Exercise brief:
Provide again, from the entries below, every line from the one containing "red_surj : forall" through the one containing "(* Type II points: (a, b)", exactly as written, and no other line.

━━━━━ Extracted data

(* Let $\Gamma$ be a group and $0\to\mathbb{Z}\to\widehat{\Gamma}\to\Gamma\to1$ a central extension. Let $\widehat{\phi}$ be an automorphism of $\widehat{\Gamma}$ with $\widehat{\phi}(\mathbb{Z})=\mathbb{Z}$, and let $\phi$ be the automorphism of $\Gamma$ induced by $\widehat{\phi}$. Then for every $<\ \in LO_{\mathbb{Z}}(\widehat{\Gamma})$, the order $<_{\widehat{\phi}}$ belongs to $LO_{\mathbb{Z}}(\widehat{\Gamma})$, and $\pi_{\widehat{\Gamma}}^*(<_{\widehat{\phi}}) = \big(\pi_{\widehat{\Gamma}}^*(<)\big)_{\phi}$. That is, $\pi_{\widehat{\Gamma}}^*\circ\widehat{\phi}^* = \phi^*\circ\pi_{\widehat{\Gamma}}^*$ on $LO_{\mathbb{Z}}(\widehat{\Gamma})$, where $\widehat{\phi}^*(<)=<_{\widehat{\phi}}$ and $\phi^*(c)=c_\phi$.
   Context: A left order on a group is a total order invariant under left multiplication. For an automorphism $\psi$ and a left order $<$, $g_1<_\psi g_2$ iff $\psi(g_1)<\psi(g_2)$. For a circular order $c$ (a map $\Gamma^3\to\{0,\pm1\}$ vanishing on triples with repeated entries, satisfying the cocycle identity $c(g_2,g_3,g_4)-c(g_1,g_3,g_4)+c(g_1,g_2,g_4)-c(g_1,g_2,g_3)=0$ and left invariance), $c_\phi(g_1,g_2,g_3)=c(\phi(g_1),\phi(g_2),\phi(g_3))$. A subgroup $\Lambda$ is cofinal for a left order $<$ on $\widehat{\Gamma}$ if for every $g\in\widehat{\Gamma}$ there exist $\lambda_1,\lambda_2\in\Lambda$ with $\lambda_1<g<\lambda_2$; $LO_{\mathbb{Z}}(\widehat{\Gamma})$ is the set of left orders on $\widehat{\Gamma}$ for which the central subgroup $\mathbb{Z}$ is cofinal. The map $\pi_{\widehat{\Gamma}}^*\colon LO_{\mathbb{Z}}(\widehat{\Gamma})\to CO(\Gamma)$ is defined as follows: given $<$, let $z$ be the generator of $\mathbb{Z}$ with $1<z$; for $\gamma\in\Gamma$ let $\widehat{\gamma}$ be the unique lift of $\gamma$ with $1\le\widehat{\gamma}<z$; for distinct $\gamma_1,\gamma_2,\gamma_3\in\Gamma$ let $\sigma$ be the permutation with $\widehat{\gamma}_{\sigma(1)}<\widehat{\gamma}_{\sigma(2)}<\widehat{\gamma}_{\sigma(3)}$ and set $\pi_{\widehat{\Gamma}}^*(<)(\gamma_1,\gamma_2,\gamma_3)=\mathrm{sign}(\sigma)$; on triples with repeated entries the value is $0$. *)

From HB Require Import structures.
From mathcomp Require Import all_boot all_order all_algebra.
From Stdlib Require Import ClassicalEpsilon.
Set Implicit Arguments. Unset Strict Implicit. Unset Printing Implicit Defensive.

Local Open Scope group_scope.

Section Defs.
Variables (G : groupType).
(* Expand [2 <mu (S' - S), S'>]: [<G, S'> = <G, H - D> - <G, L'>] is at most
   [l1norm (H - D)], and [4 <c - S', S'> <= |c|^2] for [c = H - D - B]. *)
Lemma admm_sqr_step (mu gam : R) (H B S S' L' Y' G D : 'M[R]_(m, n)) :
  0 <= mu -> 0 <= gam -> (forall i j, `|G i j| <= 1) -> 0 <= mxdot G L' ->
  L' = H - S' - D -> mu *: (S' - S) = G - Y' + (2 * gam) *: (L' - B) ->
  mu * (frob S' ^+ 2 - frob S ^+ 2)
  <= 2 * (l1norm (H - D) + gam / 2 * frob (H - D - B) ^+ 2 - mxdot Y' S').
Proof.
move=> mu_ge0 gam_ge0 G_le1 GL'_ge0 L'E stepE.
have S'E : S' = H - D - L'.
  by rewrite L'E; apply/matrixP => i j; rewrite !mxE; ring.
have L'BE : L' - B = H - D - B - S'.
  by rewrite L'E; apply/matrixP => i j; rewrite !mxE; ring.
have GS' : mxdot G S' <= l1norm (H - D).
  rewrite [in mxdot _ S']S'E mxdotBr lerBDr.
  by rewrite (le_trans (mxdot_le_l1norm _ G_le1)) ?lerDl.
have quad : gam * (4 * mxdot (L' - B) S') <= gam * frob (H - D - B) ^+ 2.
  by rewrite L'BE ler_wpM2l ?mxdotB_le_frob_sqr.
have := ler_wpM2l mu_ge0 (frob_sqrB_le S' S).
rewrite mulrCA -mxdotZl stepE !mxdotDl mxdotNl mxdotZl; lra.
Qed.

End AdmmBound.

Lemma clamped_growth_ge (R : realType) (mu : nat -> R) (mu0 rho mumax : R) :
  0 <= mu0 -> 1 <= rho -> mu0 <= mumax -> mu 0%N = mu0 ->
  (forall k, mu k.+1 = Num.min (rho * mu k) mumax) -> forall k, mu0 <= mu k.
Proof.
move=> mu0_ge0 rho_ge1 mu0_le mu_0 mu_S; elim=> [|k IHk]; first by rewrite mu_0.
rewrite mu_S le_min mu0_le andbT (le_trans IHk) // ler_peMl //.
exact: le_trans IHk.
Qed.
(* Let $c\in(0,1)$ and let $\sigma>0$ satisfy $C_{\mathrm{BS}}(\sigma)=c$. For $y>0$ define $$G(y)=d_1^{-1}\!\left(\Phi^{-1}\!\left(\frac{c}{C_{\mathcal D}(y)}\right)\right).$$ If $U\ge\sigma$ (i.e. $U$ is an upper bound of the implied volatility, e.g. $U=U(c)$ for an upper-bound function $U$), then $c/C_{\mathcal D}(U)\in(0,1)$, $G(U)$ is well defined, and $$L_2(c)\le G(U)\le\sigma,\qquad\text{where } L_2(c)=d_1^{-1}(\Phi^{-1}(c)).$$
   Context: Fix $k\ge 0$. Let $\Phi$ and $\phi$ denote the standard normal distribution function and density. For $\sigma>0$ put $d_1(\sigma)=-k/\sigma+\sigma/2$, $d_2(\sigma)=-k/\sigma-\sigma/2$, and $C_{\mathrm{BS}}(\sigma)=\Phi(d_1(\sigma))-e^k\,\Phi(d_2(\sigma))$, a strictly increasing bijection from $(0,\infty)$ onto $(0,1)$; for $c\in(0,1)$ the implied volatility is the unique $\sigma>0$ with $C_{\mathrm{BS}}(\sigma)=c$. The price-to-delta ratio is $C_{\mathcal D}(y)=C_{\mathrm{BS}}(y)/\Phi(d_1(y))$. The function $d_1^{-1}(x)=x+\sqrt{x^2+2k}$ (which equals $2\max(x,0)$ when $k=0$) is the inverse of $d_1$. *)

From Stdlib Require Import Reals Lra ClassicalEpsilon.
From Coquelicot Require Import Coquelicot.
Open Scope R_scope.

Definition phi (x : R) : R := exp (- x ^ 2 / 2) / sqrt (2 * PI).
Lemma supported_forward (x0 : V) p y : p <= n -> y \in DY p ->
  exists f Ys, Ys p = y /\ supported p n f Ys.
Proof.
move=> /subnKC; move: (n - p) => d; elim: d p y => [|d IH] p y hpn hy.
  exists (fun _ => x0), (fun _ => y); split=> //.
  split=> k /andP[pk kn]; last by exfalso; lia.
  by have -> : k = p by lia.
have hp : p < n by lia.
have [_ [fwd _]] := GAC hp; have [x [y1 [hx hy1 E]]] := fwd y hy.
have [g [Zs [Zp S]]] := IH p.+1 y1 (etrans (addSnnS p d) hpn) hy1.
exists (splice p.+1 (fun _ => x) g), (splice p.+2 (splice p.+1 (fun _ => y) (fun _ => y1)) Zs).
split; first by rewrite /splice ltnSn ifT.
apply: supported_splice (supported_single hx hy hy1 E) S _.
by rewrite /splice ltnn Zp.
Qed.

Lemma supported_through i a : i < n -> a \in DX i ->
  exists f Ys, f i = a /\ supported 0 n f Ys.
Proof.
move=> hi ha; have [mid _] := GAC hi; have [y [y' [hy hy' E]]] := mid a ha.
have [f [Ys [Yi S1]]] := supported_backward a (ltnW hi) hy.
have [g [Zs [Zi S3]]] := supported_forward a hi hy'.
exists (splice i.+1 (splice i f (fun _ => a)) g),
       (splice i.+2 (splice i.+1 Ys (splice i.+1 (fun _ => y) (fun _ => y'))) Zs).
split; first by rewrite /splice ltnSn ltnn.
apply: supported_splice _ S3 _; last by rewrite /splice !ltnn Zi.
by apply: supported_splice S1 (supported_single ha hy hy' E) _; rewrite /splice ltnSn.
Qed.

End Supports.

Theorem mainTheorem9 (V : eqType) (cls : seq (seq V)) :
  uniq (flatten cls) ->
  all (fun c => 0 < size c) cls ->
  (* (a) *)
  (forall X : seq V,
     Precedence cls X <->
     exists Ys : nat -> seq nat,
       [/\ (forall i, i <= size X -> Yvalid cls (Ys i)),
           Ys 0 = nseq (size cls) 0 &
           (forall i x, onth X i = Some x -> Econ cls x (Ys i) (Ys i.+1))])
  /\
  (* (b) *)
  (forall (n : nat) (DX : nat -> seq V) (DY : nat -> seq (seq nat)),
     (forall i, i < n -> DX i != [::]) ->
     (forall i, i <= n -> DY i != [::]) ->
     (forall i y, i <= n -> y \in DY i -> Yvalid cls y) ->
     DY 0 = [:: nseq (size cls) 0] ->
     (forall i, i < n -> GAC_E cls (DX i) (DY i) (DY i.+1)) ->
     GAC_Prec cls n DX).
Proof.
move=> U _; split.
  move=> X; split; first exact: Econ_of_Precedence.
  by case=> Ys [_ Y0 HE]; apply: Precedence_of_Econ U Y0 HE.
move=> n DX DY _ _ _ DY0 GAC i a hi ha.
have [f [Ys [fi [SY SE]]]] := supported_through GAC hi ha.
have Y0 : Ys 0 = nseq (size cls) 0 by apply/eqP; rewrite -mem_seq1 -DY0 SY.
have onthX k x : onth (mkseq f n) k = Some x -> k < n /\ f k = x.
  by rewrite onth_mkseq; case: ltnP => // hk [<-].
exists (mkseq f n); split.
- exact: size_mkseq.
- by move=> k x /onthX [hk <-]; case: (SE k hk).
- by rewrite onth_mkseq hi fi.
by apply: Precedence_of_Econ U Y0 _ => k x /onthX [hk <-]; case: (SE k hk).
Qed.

━━━━━━━━━━
━━━━━ Extracted data

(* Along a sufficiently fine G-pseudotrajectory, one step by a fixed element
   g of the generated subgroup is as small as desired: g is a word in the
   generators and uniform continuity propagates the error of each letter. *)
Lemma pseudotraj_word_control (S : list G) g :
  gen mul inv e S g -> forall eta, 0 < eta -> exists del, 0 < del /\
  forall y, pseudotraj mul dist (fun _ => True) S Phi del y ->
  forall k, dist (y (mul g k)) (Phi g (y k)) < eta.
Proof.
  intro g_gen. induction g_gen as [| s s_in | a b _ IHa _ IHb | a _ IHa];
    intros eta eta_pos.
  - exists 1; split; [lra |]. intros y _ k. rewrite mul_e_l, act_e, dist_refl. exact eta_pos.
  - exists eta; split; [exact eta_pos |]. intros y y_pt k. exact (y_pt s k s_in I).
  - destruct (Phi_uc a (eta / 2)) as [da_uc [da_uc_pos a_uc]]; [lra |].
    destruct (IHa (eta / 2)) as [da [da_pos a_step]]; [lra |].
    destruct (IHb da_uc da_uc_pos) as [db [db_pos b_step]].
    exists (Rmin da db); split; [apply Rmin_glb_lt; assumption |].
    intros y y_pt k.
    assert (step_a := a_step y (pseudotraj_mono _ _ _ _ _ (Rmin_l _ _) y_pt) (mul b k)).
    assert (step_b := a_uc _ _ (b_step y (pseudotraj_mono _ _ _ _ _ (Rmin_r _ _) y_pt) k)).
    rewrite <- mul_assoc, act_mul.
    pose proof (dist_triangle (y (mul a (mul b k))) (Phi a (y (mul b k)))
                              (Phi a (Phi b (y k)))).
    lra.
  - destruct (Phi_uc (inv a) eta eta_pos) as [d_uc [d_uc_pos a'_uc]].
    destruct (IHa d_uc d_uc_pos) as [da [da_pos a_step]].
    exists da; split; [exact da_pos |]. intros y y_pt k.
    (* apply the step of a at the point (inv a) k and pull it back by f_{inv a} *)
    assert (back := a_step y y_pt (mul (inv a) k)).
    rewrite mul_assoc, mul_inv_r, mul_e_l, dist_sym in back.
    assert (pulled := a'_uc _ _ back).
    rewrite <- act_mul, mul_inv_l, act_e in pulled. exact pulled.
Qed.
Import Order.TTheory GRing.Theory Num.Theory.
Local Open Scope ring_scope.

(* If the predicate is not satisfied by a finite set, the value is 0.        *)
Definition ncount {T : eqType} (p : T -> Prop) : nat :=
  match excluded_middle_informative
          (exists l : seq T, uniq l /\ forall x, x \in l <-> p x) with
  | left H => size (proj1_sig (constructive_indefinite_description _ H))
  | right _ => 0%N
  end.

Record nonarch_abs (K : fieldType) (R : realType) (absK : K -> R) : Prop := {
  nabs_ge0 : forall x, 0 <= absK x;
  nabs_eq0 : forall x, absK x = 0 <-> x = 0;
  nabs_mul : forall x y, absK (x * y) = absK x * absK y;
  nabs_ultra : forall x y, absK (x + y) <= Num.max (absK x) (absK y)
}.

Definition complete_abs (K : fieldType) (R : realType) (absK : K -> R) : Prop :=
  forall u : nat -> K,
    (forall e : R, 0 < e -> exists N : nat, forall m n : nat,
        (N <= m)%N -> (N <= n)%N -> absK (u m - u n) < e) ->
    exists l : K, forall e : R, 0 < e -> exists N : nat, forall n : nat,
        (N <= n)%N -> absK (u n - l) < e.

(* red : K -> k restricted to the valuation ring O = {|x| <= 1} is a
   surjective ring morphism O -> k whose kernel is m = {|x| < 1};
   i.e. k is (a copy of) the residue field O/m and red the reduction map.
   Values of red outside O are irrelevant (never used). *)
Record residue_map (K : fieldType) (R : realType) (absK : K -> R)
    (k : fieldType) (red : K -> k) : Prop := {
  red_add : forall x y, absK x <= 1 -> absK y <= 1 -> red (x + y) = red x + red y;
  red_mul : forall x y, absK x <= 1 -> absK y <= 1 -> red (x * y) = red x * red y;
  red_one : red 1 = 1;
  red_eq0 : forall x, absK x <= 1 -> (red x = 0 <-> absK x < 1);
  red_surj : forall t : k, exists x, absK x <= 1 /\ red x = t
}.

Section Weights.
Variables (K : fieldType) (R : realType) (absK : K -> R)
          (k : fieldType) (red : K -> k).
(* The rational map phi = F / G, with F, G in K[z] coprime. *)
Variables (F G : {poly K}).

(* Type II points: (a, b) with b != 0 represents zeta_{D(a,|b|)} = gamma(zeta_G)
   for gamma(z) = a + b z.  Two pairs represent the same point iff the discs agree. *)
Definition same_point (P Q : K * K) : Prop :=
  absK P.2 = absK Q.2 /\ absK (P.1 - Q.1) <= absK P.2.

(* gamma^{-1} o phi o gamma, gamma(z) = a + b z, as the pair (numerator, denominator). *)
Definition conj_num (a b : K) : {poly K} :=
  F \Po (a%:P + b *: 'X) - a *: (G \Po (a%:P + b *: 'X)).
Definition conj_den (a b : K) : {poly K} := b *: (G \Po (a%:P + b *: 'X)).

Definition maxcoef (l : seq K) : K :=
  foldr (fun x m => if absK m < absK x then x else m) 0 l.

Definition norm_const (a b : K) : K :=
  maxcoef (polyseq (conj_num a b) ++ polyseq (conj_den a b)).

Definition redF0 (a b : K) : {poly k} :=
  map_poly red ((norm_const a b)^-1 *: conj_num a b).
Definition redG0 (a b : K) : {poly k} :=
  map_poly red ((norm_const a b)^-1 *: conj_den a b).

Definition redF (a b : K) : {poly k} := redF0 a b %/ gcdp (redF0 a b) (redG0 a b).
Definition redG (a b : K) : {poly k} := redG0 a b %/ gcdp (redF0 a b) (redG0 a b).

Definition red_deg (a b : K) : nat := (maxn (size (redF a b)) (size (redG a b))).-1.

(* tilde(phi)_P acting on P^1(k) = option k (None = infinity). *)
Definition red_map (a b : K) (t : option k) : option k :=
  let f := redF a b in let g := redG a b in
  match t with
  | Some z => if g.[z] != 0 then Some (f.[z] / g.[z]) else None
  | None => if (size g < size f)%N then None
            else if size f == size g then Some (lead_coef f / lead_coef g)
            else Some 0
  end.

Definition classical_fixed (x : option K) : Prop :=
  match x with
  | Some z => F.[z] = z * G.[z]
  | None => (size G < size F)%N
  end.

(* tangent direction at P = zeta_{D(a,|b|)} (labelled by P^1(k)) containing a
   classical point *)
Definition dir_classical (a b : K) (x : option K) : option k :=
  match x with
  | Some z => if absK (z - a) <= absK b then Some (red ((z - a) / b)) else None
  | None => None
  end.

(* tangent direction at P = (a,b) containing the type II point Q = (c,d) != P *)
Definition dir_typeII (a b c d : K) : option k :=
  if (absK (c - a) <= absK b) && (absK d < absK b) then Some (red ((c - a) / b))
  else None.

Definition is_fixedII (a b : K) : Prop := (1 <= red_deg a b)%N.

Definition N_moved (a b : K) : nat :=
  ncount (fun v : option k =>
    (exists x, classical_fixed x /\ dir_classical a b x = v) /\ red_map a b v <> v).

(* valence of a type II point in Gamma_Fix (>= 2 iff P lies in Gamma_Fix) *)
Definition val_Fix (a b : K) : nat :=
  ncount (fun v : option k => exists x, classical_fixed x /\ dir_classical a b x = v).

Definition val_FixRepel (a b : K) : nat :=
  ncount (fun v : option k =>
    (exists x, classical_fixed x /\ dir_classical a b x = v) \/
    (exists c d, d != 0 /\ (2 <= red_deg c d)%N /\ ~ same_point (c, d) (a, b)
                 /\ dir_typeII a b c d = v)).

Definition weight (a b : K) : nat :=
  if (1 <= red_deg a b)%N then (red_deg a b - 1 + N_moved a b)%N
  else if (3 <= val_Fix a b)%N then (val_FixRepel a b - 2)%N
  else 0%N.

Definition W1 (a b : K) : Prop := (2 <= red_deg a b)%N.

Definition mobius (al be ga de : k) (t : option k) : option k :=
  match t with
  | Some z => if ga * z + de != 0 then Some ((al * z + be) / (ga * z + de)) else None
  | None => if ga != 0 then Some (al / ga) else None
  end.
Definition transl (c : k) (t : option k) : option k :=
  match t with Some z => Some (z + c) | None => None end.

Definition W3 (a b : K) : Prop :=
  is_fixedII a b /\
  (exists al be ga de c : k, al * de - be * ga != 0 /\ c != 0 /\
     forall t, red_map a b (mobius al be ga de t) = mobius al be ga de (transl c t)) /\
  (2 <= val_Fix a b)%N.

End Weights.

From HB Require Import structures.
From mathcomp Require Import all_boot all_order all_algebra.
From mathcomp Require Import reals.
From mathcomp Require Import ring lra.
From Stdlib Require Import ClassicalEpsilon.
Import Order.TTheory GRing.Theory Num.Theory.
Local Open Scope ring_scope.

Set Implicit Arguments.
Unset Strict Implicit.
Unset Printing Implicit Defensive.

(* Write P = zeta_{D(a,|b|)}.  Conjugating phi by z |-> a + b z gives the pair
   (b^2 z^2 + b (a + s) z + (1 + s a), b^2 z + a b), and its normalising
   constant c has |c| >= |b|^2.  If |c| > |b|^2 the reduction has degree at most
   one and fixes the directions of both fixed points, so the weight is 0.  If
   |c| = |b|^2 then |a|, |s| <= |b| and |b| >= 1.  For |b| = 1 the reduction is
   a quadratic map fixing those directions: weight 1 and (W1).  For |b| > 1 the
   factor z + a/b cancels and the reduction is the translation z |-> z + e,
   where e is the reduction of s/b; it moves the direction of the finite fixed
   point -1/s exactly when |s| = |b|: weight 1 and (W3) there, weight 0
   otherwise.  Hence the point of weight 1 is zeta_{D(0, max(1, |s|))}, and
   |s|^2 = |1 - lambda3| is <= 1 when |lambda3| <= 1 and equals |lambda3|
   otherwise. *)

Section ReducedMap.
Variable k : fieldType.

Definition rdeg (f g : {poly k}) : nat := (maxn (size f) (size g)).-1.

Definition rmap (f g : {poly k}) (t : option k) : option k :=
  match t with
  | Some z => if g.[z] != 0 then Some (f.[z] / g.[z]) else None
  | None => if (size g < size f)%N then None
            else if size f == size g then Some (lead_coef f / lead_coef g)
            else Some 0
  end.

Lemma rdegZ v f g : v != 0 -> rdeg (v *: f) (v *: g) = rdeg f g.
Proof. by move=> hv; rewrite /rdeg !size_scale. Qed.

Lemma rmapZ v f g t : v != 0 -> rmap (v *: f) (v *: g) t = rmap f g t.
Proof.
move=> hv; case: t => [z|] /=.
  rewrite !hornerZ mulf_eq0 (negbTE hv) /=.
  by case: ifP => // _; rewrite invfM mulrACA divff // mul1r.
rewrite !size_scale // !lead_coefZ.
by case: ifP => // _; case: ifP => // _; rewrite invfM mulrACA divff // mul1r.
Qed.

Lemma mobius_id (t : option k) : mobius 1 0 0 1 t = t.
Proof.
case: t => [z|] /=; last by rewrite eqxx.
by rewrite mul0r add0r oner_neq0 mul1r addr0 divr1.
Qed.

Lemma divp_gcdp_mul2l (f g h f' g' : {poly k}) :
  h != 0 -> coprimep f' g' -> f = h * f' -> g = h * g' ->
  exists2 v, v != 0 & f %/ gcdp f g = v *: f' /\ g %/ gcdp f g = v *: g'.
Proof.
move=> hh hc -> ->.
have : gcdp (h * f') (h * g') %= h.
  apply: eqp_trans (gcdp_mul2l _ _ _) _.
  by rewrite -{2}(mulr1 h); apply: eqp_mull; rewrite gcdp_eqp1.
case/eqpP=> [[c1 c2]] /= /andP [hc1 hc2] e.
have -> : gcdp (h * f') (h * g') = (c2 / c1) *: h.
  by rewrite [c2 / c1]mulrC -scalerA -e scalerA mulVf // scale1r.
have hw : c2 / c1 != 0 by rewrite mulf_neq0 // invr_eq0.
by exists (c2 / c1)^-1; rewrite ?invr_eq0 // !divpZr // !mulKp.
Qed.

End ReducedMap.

━━━━━━━━━━
━━━━━ Extracted data

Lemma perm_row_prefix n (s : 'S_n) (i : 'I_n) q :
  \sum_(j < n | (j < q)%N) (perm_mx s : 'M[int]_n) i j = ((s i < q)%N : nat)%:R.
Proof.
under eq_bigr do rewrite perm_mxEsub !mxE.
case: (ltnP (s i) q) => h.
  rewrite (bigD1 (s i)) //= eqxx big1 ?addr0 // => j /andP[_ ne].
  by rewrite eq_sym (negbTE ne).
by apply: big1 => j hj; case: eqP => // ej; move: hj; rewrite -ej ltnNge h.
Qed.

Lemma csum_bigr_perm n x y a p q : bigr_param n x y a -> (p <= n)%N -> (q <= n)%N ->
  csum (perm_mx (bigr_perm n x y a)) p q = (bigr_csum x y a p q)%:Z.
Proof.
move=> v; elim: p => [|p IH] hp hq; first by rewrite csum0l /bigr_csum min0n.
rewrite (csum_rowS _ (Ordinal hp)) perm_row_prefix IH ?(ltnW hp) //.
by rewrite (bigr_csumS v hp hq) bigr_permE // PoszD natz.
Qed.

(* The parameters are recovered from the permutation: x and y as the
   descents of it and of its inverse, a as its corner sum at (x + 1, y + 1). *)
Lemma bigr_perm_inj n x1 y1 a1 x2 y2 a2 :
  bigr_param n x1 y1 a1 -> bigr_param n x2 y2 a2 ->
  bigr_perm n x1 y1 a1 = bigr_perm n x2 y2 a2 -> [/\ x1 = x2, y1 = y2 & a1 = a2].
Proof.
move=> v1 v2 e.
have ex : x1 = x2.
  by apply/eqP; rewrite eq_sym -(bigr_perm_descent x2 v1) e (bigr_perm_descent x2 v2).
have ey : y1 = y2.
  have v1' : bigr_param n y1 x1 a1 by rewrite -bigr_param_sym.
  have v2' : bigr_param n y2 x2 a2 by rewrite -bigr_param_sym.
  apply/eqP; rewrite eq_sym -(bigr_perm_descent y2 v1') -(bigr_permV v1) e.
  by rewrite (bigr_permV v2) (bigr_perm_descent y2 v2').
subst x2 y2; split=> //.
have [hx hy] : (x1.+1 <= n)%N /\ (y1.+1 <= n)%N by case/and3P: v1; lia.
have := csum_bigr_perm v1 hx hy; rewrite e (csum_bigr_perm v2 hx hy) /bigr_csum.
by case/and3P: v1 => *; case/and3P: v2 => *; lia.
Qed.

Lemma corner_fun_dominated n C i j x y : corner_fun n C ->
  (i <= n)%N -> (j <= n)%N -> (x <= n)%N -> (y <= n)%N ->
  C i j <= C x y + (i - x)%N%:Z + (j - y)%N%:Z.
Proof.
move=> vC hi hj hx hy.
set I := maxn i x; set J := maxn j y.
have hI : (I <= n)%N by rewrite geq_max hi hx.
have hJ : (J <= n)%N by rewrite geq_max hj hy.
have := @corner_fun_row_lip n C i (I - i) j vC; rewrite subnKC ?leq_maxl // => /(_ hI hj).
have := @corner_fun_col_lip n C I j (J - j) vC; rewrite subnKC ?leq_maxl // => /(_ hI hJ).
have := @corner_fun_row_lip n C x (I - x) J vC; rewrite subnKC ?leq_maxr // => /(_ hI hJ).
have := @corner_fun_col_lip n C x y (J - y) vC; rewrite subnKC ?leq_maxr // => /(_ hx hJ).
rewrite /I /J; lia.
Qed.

━━━━━━━━━━

Result of the task:
  red_surj : forall t : k, exists x, absK x <= 1 /\ red x = t
}.

Section Weights.
Variables (K : fieldType) (R : realType) (absK : K -> R)
          (k : fieldType) (red : K -> k).
(* The rational map phi = F / G, with F, G in K[z] coprime. *)
Variables (F G : {poly K}).

(* Type II points: (a, b) with b != 0 represents zeta_{D(a,|b|)} = gamma(zeta_G)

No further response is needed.